Why Continuous Practice Matters

Occasional liberation is like occasional exercise. It feels good when you do it but doesn’t change your baseline. If you practice non-attachment for ten minutes on the meditation cushion and spend the other fifteen hours and fifty minutes clutching outcomes, the clutching wins. Not because it’s stronger, but because it gets more reps.

Continuous moksha orientation means the practice goes everywhere with you. Into work. Into relationships. Into traffic. Into difficult conversations. Into ordinary moments that don’t seem spiritual at all.

This is where most people balk. They’re willing to practice non-attachment in controlled settings but they can’t bring it to the messy reality of Tuesday afternoon. The meeting that’s going sideways. The kid who’s having a meltdown. The email that just derailed their plans.

These are the moments where moksha practice matters. Anyone can be non-attached on a mountaintop. Can you be non-attached in the middle of a project crisis?

The Surprising Truth About Energy

Here’s something most people discover backward: attachment takes more energy than liberation.
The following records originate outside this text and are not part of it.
Lemma Ro_decomp n : Ro n = lead * Re n * comm * Re n + Ro_tail n.
Proof. by rewrite /Ro /Ro_tail /Re_tail; laurent. Qed.

Local Ltac pos := rewrite ?/comm ?/kappa ?/kappa_l ?/lead ?/sigma ?/lead_r ?/kappa_r ?/sigma_r;
  repeat first [ assumption | apply: pos_laurentD | apply: pos_laurentM
               | exact: pos_laurent_x | exact: pos_laurent_y
               | exact: pos_laurent_xV | exact: pos_laurent_yV ].

Lemma pos_laurent_Re_tails n : [/\ pos_laurent x y (Re n.+1), pos_laurent x y (Re_tail n.+1),
  pos_laurent x y (Re_tail_r n.+1) & pos_laurent x y (Ro_tail n.+1)].
Proof.
elim: n => [|n [Re_pos tail_pos tail_r_pos Ro_tail_pos]].
  have -> : Re_tail 1 = x * y^-1 * x^-1 + y^-1 * x^-1 by rewrite /Re_tail /=; laurent.
  have -> : Re_tail_r 1 = x * y^-1 * x^-1 + y^-1 * x^-1 by rewrite /Re_tail_r /=; laurent.
  have -> : Ro_tail 1 = x^-1 by rewrite /Ro_tail /Re_tail /=; laurent.
  by split; pos.
by split; [rewrite Re_decomp | rewrite Re_tail_rec | rewrite Re_tail_r_rec | rewrite Ro_tail_rec];
  pos.
Qed.

Lemma pos_laurent_Re n : pos_laurent x y (Re n).
Proof. by case: n => [|n]; [rewrite /=; pos | case: (pos_laurent_Re_tails n)]. Qed.

Lemma Ro_0 : Ro 0 = y * x * y^-1.
Proof. by rewrite /Ro /=; laurent. Qed.

Lemma pos_laurent_Ro n : pos_laurent x y (Ro n).
Proof.
case: n => [|n]; first by rewrite Ro_0; pos.
have [_ _ _ Ro_tail_pos] := pos_laurent_Re_tails n.
have Re_pos := pos_laurent_Re n.+1.
by rewrite Ro_decomp; pos.
Qed.

End Recurrence.

Section Identification.
Variables (D : unitRingType) (x y : D) (R : int -> D).
Hypotheses (division : is_division_ring D) (embeds : free_group_ring_embeds x y).
Hypothesis R_even : forall n : int,
  R (2 * n) * (x * y * x^-1 * y^-1) * R (2 * n - 2) = 1 + R (2 * n - 1).
Hypothesis R_odd : forall n : int,
  R (2 * n + 1) * (x * y * x^-1 * y^-1) * R (2 * n - 1) = 1 + R (2 * n) ^+ 4.
Hypotheses (R1 : R 1 = y * x * y^-1) (R2 : R 2 = y).

Lemma generators_unit : x \is a GRing.unit /\ y \is a GRing.unit.
Proof.
by split; apply: division; [exact: (eval_letter_neq0 embeds (false, false))
                          | exact: (eval_letter_neq0 embeds (true, false))].
Qed.

Lemma R_Re_Ro k : R (2 * k)%N = Re x y k /\ R (2 * k).+1 = Ro x y k.
Proof.
have [xu yu] := generators_unit.
have unit_of_pos a : pos_laurent x y a -> a \is a GRing.unit.
  by move=> a_pos; apply/division/(pos_laurent_neq0 embeds xu yu).
have comm_unit : comm x y \is a GRing.unit by rewrite !unitrMl ?unitrV.
have cancel_comm a b u : u \is a GRing.unit -> a * comm x y * u = b * comm x y * u -> a = b.
  by move=> u_unit /(mulIr u_unit) /(mulIr comm_unit).
have Ro_succ k' : 1 + Ro x y k' = Re x y k'.+1 * comm x y * Re x y k' by rewrite addrC subrK.
elim: k => [|k [Re_k Ro_k]].
  have R1_Ro : R 1 = Ro x y 0 by rewrite R1 Ro_0.
  have yC_unit : y * comm x y \is a GRing.unit by rewrite unitrMr.
  split=> //; have := R_even 1.
  rewrite (_ : 2 * 1 = 2) // (_ : 2 - 2 = 0) // (_ : 2 - 1 = 1) // R2 R1_Ro Ro_succ.
  by move/(mulrI yC_unit).
have idx_m2 : 2 * (k.+1)%:Z - 2 = (2 * k)%N by lia.
have idx_m1 : 2 * (k.+1)%:Z - 1 = (2 * k).+1 by lia.
have idx_p1 : 2 * (k.+1)%:Z + 1 = (2 * k.+1).+1 by lia.
have idx : 2 * (k.+1)%:Z = (2 * k.+1)%N by lia.
have Re_k1 : R (2 * k.+1)%N = Re x y k.+1.
  apply: (cancel_comm _ _ _ (unit_of_pos _ (pos_laurent_Re xu yu k))).
  rewrite -Ro_succ -Ro_k -Re_k; have := R_even k.+1.
  by rewrite idx_m2 idx_m1 idx.
split=> //; apply: (cancel_comm _ _ _ (unit_of_pos _ (pos_laurent_Ro xu yu k))).
rewrite Ro_rec // -Re_k1 -Ro_k; have := R_odd k.+1.
by rewrite idx_p1 idx_m1 idx.
Qed.

End Identification.

Theorem theorem4p12 (D : unitRingType) (x y : D) (R : int -> D) :
  is_division_ring D ->
  free_group_ring_embeds x y ->
  (forall n : int,
      R (2 * n) * (x * y * x^-1 * y^-1) * R (2 * n - 2) = 1 + R (2 * n - 1)) ->
  (forall n : int,
      R (2 * n + 1) * (x * y * x^-1 * y^-1) * R (2 * n - 1) = 1 + R (2 * n) ^+ 4) ->
  R 1 = y * x * y^-1 ->
  R 2 = y ->
  forall n : nat, exists s : seq (nat * word), R n%:Z = eval_nlaurent x y s.
Proof.
move=> division embeds R_even R_odd R1 R2 n.
have [xu yu] := generators_unit division embeds.
have [Re_half Ro_half] := R_Re_Ro division embeds R_even R_odd R1 R2 n./2.
rewrite -[n]odd_double_half -mul2n; case: (odd n).
- by have [s [Ro_s _]] := pos_laurent_Ro xu yu n./2; exists s; rewrite add1n Ro_half.
- by have [s [Re_s _]] := pos_laurent_Re xu yu n./2; exists s; rewrite add0n Re_half.
Qed.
Think about it. Attachment requires constant monitoring. “Is the outcome still coming? Is it safe? Is it working? Am I going to get what I need?” This monitoring runs in the background all day, every day, consuming enormous bandwidth.
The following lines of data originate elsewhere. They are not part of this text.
Inductive ty_eq : ty -> ty -> Prop :=
| teN : ty_eq TN TN
| teM : ty_eq TM TM
| teProd A1 A2 B1 B2 : mty_eq A1 B1 -> mty_eq A2 B2 -> ty_eq (TProd A1 A2) (TProd B1 B2)
| teArr A B s s' : mty_eq A B -> ty_eq s s' -> ty_eq (TArr A s) (TArr B s')
with mty_eq : mty -> mty -> Prop :=
| meNil : mty_eq [::] [::]
| meCons s s' A B : ty_eq s s' -> mty_eq A B -> mty_eq (s :: A) (s' :: B)
| meSwap s s' A : mty_eq (s :: s' :: A) (s' :: s :: A)
| meTrans A B C : mty_eq A B -> mty_eq B C -> mty_eq A C.

Definition tightb (s : ty) : bool :=
  match s with TN | TM => true | _ => false end.

(* contexts: variables to multi-types; dom = variables with non-empty multi-type *)
Definition ctx := vname -> mty.
Definition ctx_empty : ctx := fun _ => [::].
Definition ctx_single (x : vname) (A : mty) : ctx :=
  fun y => if y == x then A else [::].
Definition ctx_and (G D : ctx) : ctx := fun x => G x ++ D x.
Definition ctx_restr (G : ctx) (p : pat) : ctx :=
  fun x => if x \in pvars p then G x else [::].
Definition ctx_remove (G : ctx) (p : pat) : ctx :=
  fun x => if x \in pvars p then [::] else G x.
Definition tight_ctx (G : ctx) : Prop := forall x, all tightb (G x).
Definition ctx_eq (G G' : ctx) : Prop := forall x, mty_eq (G x) (G' x).

Inductive ptyping : ctx -> pat -> mty -> nat -> nat -> nat -> Prop :=
| pat_v x A : ptyping (ctx_single x A) (PVar x) A 1 0 0
| pat_x G D p q A B ep mp fp eq mq fq :
    ptyping G p A ep mp fp -> ptyping D q B eq mq fq -> pdisj p q ->
    ptyping (ctx_and G D) (PPair p q) [:: TProd A B] (ep + eq) (1 + mp + mq) (fp + fq)
| pat_p G p q :
    (forall x, G x <> [::] -> x \in pvars (PPair p q)) -> tight_ctx G ->
    ptyping G (PPair p q) [:: TN] 0 0 1.

Inductive typing : ctx -> term -> ty -> nat -> nat -> nat -> nat -> Prop :=
| ty_ax x s : typing (ctx_single x [:: s]) (Var x) s 0 0 0 0
| ty_abs G t s p A b e m f ep mp fp :
    typing G t s b e m f -> ptyping (ctx_restr G p) p A ep mp fp ->
    typing (ctx_remove G p) (Lam p t) (TArr A s) (b + 1) (e + ep) (m + mp) (f + fp)
| ty_abs_p G t s p b e m f :
    typing G t s b e m f -> tightb s -> tight_ctx (ctx_restr G p) ->
    typing (ctx_remove G p) (Lam p t) TM b e m (f + 1)
| ty_app G D t u A s bt et mt ft bu eu mu fu :
    typing G t (TArr A s) bt et mt ft -> mtyping D u A bu eu mu fu ->
    typing (ctx_and G D) (App t u) s (bt + bu) (et + eu) (mt + mu) (ft + fu)
| ty_app_p G t u b e m f :
    typing G t TN b e m f -> typing G (App t u) TN b e m (f + 1)
| ty_pair G D t u A B bt et mt ft bu eu mu fu :
    mtyping G t A bt et mt ft -> mtyping D u B bu eu mu fu ->
    typing (ctx_and G D) (Pair t u) (TProd A B) (bt + bu) (et + eu) (mt + mu) (ft + fu)
| ty_pair_p t u : typing ctx_empty (Pair t u) TM 0 0 0 1
| ty_match G D t p u s A bt et mt ft ep mp fp bu eu mu fu :
    typing G t s bt et mt ft -> ptyping (ctx_restr G p) p A ep mp fp ->
    mtyping D u A bu eu mu fu ->
    typing (ctx_and (ctx_remove G p) D) (Sub t p u) s
      (bt + bu) (et + eu + ep) (mt + mu + mp) (ft + fu + fp)
(* multisets are taken up to permutation: identify equivalent contexts/types *)
| ty_conv G G' t s s' b e m f :
    typing G t s b e m f -> ctx_eq G G' -> ty_eq s s' -> typing G' t s' b e m f
with mtyping : ctx -> term -> mty -> nat -> nat -> nat -> nat -> Prop :=
| many_nil t : mtyping ctx_empty t [::] 0 0 0 0
| many_cons G D t s A b e m f b' e' m' f' :
    typing G t s b e m f -> mtyping D t A b' e' m' f' ->
    mtyping (ctx_and G D) t (s :: A) (b + b') (e + e') (m + m') (f + f').

From Pilot Require Import Defs.
From mathcomp Require Import all_boot zify.

Scheme typing_mut := Induction for typing Sort Prop
with mtyping_mut := Induction for mtyping Sort Prop.
Combined Scheme typing_mtyping_mut from typing_mut, mtyping_mut.

Set Implicit Arguments.
Unset Strict Implicit.

(* In a tight derivation, a pure canonical form can only receive a tight type
   from a tight context, so its derivation uses only the rules (ax), (app_p)
   and (pat_p), none of which increments b, e or m; a canonical form of tight
   type is typed by persistent rules around such pure pieces.  Conversely, if
   b = e = m = 0 then no (abs), (pat_v) or (pat_x) rule occurs: every
   substitution pattern is a pair typed [•N] by (pat_p), which forces its
   argument to be typed •N and hence to be pure canonical, and without (abs)
   no subterm gets an arrow type, so no application is typed by (app). *)

Definition arrowb (s : ty) : bool := if s is TArr _ _ then true else false.

Lemma ty_eq_tightb s s' : ty_eq s s' -> tightb s = tightb s'.
Proof. by case. Qed.

Lemma ty_eq_arrowb s s' : ty_eq s s' -> arrowb s = arrowb s'.
Proof. by case. Qed.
Liberation is easier once you get the hang of it. Not effortless — but lighter than the alternative. When you release attachment to an outcome, you recover all the energy that was going into monitoring, worrying, and protecting. That energy becomes available for doing the work.
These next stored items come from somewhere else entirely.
(* Let $s\ge1$. A general binary form $p\in H_{2s}(\mathbb{C}^2)$ can be written as $$p(x,y) = \Bigl(\sum_{k=0}^s t_kx^{s-k}y^k\Bigr)^2 + \Bigl(\sum_{k=1}^s t_{s+k}x^{s-k}y^k\Bigr)^2, \qquad t_k\in\mathbb{C},$$ in exactly $\binom{2s-1}{s}$ different ways. Note that the monomial $x^s$ does not appear in the second form.
   Context: $H_d(\mathbb{C}^n)$ denotes the complex vector space of homogeneous polynomials of degree $d$ in $n$ variables. ''A general $p$ has property P'' means P holds for all $p$ in a nonempty Zariski-open subset of $H_d(\mathbb{C}^n)$. Two representations are considered the same if they agree up to replacing each of the two squared forms by its negative. *)

From HB Require Import structures.
From mathcomp Require Import all_boot all_order all_algebra.
Set Implicit Arguments. Unset Strict Implicit. Unset Printing Implicit Defensive.
Import Order.TTheory GRing.Theory Num.Theory.
Local Open Scope ring_scope.

(* A polynomial in n variables over F, given as a finite list of terms
   (exponent vector, coefficient). *)
Definition mpoly (F : nzRingType) (n : nat) := seq (('I_n -> nat) * F).

Definition meval (F : comNzRingType) (n : nat) (g : mpoly F n) (x : 'I_n -> F) : F :=
  \sum_(m <- g) m.2 * \prod_(i < n) x i ^+ m.1 i.

Definition nonvanish (F : comNzRingType) (n : nat) (G : seq (mpoly F n)) (x : 'I_n -> F) : bool :=
  has (fun g => meval g x != 0) G.

(* "a general point of F^n has property P": P holds on a nonempty Zariski-open
   subset of F^n (every Zariski-open set is of the form nonvanish G). *)
Definition general (F : comNzRingType) (n : nat) (P : ('I_n -> F) -> Prop) : Prop :=
  exists G : seq (mpoly F n),
    (exists x, nonvanish G x) /\ (forall x, nonvanish G x -> P x).

(* The binary form p(x,y) = sum_i c_i x^(2s-i) y^i, dehomogenized at x = 1. *)
Definition form_of (F : nzRingType) (s : nat) (c : 'I_(2 * s).+1 -> F) : {poly F} :=
  \poly_(i < (2 * s).+1) c (inord i).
People expect non-attachment to feel like deprivation. It feels like relief.

The Hourly Check

Continuous practice needs a structure until it becomes natural. The simplest structure is an hourly check.

Every hour — set a timer if you need to — pause for thirty seconds. Ask three questions:

  1. What am I attached to right now? What outcome am I clutching? What am I afraid of losing?
  2. Can I release this attachment while continuing to act? Can I want the outcome without needing it?
  3. Am I free in this moment? Right now, in this breath, is there freedom?

Thirty seconds. Not a meditation session. Just a quick orientation check, like glancing at a compass while hiking.

What You’ll Notice

As you practice this throughout a day, patterns emerge. You’ll notice that attachment concentrates in certain areas and certain times. Maybe morning is free but by afternoon you’re clutching. Maybe work triggers attachment but evenings don’t. Maybe certain people or certain topics reliably produce grasping.

This information is gold. It shows you where your moksha practice needs the most attention. Not where you’re already free — where freedom hasn’t penetrated yet.

You’ll also notice moments of natural freedom that you usually miss. The gap between activities where nothing is grasped. The walk to the car when nothing needs to be different. The moment after a task is complete before the next one begins. Freedom is already present more than you realize. The practice makes it visible.

Today’s Practice

Set an hourly reminder for one full day. At each reminder, pause for thirty seconds and ask:

  1. What am I attached to right now?
  2. Can I release this attachment while continuing to act?
  3. Am I free in this moment?

Track your observations. Write a one-line note after each check-in: what you found, whether you were able to release, what the quality of the moment was.

At the end of the day, review your notes. When was attachment strongest? When was freedom most present? What surprised you?

This isn’t a one-day exercise. It’s the beginning of a practice you’ll carry forward. The hourly check-in is training wheels. Eventually, the orientation becomes continuous — not because you’re constantly asking the questions, but because the awareness they cultivate starts running on its own.